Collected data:
# # # # #

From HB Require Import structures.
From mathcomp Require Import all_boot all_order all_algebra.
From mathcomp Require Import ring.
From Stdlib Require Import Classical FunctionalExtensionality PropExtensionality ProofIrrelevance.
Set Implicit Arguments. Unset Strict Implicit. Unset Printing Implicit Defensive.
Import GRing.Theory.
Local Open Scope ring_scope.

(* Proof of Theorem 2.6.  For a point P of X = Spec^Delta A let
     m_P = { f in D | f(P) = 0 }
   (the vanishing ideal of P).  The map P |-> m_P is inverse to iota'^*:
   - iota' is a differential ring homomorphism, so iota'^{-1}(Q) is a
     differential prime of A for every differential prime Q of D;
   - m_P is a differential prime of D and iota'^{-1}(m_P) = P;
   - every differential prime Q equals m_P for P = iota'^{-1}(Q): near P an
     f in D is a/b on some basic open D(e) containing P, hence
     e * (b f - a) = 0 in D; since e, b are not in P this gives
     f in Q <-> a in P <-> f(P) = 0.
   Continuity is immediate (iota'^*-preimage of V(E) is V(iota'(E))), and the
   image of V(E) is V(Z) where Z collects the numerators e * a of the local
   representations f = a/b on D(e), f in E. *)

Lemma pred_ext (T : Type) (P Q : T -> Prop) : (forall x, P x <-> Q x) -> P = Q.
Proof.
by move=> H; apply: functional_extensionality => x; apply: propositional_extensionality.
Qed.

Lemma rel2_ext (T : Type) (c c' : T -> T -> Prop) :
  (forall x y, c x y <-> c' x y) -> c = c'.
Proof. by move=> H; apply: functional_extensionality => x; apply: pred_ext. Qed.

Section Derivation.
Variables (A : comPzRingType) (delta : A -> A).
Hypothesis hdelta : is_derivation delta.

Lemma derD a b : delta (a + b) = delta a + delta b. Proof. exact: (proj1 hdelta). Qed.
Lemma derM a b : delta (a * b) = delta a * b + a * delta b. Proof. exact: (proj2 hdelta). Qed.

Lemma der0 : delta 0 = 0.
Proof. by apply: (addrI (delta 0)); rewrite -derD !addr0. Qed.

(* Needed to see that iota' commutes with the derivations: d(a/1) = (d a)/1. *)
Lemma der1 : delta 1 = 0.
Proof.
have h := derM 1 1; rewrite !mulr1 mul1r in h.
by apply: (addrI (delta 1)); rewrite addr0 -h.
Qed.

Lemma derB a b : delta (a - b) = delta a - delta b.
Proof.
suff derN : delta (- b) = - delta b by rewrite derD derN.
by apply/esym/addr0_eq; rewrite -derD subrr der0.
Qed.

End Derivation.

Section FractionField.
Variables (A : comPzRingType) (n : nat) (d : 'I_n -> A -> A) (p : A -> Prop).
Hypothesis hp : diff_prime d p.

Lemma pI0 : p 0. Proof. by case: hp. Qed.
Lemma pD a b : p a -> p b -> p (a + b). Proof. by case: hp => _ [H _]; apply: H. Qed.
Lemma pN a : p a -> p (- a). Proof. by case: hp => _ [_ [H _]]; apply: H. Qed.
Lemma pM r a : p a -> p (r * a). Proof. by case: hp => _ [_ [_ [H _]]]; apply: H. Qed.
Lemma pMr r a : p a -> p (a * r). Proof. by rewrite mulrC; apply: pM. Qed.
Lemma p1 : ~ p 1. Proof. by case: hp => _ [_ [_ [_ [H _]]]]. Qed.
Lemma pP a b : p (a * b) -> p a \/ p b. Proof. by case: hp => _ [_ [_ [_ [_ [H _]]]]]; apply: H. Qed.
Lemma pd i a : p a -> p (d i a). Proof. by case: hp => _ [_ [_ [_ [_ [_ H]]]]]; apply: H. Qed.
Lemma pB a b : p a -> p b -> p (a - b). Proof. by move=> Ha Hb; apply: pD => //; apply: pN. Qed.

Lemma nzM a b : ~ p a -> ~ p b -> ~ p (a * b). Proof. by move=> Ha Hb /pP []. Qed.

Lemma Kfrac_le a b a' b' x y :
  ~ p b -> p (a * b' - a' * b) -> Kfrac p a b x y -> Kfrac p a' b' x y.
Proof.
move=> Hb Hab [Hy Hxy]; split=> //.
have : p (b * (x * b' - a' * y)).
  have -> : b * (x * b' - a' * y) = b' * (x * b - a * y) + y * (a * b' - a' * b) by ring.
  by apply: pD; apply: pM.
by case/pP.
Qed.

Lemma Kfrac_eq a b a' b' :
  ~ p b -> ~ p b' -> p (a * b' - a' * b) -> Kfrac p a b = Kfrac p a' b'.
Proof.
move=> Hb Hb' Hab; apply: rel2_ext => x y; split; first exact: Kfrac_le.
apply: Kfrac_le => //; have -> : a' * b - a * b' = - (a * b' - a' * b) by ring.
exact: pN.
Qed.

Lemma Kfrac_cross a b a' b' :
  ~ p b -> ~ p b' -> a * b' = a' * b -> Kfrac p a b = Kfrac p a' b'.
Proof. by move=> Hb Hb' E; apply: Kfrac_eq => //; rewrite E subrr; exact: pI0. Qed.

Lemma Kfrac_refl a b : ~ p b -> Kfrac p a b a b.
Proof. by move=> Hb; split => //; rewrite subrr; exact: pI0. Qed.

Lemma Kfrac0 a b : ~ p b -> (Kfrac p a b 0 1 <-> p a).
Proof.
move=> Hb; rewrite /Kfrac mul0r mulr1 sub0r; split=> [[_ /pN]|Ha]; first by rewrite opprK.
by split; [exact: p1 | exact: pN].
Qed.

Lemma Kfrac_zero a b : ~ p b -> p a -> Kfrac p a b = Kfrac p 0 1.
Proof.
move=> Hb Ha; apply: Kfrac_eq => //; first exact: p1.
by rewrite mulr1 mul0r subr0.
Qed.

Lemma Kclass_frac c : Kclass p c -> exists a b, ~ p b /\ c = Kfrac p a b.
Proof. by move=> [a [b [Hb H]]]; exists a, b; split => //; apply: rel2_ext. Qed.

# # # # #

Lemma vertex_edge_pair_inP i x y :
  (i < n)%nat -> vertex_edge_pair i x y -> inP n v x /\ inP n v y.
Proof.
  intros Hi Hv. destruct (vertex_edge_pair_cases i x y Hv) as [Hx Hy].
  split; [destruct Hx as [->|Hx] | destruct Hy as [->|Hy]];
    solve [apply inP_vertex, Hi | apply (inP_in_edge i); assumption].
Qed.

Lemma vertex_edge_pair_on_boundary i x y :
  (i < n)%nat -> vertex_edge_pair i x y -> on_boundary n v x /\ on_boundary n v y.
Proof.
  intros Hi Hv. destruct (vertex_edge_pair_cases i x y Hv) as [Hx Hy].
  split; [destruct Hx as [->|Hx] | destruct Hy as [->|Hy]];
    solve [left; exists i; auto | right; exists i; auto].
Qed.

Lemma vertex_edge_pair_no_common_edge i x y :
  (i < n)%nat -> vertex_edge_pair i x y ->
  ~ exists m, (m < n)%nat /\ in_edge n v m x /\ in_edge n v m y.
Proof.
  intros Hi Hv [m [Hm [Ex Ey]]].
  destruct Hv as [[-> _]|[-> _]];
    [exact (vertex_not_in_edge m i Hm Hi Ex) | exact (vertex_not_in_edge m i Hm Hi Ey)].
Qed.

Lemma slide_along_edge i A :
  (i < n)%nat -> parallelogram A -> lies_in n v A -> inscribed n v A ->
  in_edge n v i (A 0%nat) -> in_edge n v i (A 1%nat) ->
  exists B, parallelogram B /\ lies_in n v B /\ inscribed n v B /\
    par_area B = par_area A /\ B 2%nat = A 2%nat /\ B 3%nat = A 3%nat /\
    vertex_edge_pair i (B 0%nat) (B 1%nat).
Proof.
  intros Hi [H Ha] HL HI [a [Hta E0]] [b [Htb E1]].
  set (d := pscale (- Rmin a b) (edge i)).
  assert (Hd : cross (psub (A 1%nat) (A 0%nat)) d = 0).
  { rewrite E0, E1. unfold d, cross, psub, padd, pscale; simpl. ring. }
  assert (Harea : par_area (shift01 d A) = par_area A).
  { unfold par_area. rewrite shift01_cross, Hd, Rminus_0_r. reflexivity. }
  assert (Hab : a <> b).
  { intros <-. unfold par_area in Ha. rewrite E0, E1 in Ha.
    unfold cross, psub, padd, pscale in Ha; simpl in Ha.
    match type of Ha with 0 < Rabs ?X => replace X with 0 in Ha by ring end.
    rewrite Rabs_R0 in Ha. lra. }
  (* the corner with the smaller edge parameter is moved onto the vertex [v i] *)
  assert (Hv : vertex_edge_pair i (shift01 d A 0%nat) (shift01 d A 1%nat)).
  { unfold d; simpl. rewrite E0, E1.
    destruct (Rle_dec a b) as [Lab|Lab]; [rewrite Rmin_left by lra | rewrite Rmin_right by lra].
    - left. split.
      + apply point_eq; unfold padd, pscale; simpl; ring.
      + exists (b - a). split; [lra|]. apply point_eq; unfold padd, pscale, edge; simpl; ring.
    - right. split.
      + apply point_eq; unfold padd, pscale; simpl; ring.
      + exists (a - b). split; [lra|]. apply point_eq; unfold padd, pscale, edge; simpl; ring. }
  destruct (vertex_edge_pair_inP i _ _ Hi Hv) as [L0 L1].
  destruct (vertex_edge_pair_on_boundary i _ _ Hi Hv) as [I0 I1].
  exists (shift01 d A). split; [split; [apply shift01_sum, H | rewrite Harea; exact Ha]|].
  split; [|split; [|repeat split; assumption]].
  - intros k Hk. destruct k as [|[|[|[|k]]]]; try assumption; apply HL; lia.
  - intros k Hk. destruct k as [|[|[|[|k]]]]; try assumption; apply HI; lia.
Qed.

# # # # #

**Task details**
Could you reproduce exactly the lines of the entries above, from the one with "Import GRing.Theory." through the one with "f in D is a/b", and nothing else?

**Response to the exercise**
Import GRing.Theory.
Local Open Scope ring_scope.

(* Proof of Theorem 2.6.  For a point P of X = Spec^Delta A let
     m_P = { f in D | f(P) = 0 }
   (the vanishing ideal of P).  The map P |-> m_P is inverse to iota'^*:
   - iota' is a differential ring homomorphism, so iota'^{-1}(Q) is a
     differential prime of A for every differential prime Q of D;
   - m_P is a differential prime of D and iota'^{-1}(m_P) = P;
   - every differential prime Q equals m_P for P = iota'^{-1}(Q): near P an
     f in D is a/b on some basic open D(e) containing P, hence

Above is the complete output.